◆ The problem ◆
Starting with the line that contains "ip dot (\sum_(i" and stopping after the line that contains "dotF (M (b i)) v))).", return each line below exactly as written, with no others.

*** Record excerpts ***

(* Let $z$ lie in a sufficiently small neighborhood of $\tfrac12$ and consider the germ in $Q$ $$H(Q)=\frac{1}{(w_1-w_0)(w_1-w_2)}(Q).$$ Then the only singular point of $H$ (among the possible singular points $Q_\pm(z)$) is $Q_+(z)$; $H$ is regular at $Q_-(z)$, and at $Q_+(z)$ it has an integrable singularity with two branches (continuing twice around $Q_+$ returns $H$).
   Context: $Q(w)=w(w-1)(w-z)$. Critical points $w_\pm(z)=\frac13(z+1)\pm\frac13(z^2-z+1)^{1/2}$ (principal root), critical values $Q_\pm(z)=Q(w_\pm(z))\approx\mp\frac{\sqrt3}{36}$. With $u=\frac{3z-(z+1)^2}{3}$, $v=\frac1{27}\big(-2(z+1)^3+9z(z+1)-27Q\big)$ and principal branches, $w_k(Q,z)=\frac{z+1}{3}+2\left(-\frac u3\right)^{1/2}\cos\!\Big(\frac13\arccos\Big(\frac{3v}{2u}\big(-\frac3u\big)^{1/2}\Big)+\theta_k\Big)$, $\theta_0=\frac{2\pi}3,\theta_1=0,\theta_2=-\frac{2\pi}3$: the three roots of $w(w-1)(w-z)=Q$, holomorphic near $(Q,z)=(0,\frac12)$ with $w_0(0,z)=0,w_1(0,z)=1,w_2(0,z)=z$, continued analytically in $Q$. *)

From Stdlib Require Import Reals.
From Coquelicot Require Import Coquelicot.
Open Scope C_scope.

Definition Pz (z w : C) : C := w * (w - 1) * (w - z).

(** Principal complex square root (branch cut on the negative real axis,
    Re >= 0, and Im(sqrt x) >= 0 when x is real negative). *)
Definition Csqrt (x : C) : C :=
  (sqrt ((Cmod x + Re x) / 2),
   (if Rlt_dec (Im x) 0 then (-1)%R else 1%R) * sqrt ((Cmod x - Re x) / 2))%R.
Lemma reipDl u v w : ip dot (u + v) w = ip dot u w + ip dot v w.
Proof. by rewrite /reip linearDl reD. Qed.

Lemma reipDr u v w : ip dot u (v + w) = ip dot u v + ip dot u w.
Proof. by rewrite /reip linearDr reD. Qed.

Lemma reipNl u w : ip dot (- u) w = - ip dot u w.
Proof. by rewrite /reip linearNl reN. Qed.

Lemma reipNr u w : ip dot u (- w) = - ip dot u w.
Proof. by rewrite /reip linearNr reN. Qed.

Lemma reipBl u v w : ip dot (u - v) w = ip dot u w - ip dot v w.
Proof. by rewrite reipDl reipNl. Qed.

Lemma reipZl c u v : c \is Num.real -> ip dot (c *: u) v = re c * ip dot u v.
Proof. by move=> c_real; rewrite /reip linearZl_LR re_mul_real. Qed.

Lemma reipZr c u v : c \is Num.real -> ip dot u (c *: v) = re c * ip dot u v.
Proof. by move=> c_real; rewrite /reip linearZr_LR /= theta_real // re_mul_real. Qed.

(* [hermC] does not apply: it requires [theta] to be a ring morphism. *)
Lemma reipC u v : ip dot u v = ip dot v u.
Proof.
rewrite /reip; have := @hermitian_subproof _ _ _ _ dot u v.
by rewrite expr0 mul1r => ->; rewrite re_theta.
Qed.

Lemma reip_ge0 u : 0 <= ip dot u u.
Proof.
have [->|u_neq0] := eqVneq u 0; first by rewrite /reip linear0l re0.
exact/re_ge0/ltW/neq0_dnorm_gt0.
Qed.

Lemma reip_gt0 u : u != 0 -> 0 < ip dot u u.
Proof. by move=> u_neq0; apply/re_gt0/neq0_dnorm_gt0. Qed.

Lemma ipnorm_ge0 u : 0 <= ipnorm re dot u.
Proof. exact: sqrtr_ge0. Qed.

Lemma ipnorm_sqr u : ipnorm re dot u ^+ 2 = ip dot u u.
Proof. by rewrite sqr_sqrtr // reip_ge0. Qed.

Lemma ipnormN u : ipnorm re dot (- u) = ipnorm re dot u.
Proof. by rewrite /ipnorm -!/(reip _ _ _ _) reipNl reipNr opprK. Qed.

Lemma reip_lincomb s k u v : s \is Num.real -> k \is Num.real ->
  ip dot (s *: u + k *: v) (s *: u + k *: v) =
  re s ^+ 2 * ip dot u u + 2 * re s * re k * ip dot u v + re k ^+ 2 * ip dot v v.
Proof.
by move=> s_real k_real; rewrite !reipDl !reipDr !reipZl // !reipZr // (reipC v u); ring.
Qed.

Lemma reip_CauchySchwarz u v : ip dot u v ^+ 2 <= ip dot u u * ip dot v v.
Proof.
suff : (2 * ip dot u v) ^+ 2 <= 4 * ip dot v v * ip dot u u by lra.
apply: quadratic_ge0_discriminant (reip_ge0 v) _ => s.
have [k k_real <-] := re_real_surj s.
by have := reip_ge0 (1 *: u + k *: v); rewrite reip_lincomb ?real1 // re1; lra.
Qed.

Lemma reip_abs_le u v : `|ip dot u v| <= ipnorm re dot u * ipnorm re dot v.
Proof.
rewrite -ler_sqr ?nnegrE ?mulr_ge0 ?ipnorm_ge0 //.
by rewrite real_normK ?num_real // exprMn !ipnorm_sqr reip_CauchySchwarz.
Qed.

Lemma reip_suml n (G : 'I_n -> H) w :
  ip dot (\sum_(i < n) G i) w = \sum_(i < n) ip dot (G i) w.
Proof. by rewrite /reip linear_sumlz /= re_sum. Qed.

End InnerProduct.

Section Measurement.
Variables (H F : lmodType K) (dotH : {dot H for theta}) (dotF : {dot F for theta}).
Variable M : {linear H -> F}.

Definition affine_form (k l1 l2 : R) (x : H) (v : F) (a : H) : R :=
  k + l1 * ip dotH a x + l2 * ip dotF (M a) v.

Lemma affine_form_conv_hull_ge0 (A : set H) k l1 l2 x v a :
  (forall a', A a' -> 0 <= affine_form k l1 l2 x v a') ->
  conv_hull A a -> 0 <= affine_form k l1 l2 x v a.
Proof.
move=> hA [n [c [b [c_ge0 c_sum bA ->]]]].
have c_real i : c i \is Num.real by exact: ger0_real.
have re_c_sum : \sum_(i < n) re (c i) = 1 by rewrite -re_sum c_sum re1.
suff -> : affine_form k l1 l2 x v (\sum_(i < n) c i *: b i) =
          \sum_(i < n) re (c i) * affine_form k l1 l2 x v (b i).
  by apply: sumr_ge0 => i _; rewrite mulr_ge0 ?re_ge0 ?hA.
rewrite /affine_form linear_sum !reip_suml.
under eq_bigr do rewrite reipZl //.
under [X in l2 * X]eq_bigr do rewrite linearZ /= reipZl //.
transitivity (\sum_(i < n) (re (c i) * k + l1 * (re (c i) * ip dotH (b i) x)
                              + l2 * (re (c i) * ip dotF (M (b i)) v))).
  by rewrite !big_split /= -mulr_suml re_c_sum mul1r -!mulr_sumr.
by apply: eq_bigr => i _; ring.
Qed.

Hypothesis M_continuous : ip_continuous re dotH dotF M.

*** End of Record excerpts ***

◆ Solved problem ◆
  ip dot (\sum_(i < n) G i) w = \sum_(i < n) ip dot (G i) w.
Proof. by rewrite /reip linear_sumlz /= re_sum. Qed.

End InnerProduct.

Section Measurement.
Variables (H F : lmodType K) (dotH : {dot H for theta}) (dotF : {dot F for theta}).
Variable M : {linear H -> F}.

Definition affine_form (k l1 l2 : R) (x : H) (v : F) (a : H) : R :=
  k + l1 * ip dotH a x + l2 * ip dotF (M a) v.

Lemma affine_form_conv_hull_ge0 (A : set H) k l1 l2 x v a :
  (forall a', A a' -> 0 <= affine_form k l1 l2 x v a') ->
  conv_hull A a -> 0 <= affine_form k l1 l2 x v a.
Proof.
move=> hA [n [c [b [c_ge0 c_sum bA ->]]]].
have c_real i : c i \is Num.real by exact: ger0_real.
have re_c_sum : \sum_(i < n) re (c i) = 1 by rewrite -re_sum c_sum re1.
suff -> : affine_form k l1 l2 x v (\sum_(i < n) c i *: b i) =
          \sum_(i < n) re (c i) * affine_form k l1 l2 x v (b i).
  by apply: sumr_ge0 => i _; rewrite mulr_ge0 ?re_ge0 ?hA.
rewrite /affine_form linear_sum !reip_suml.
under eq_bigr do rewrite reipZl //.
under [X in l2 * X]eq_bigr do rewrite linearZ /= reipZl //.
transitivity (\sum_(i < n) (re (c i) * k + l1 * (re (c i) * ip dotH (b i) x)
                              + l2 * (re (c i) * ip dotF (M (b i)) v))).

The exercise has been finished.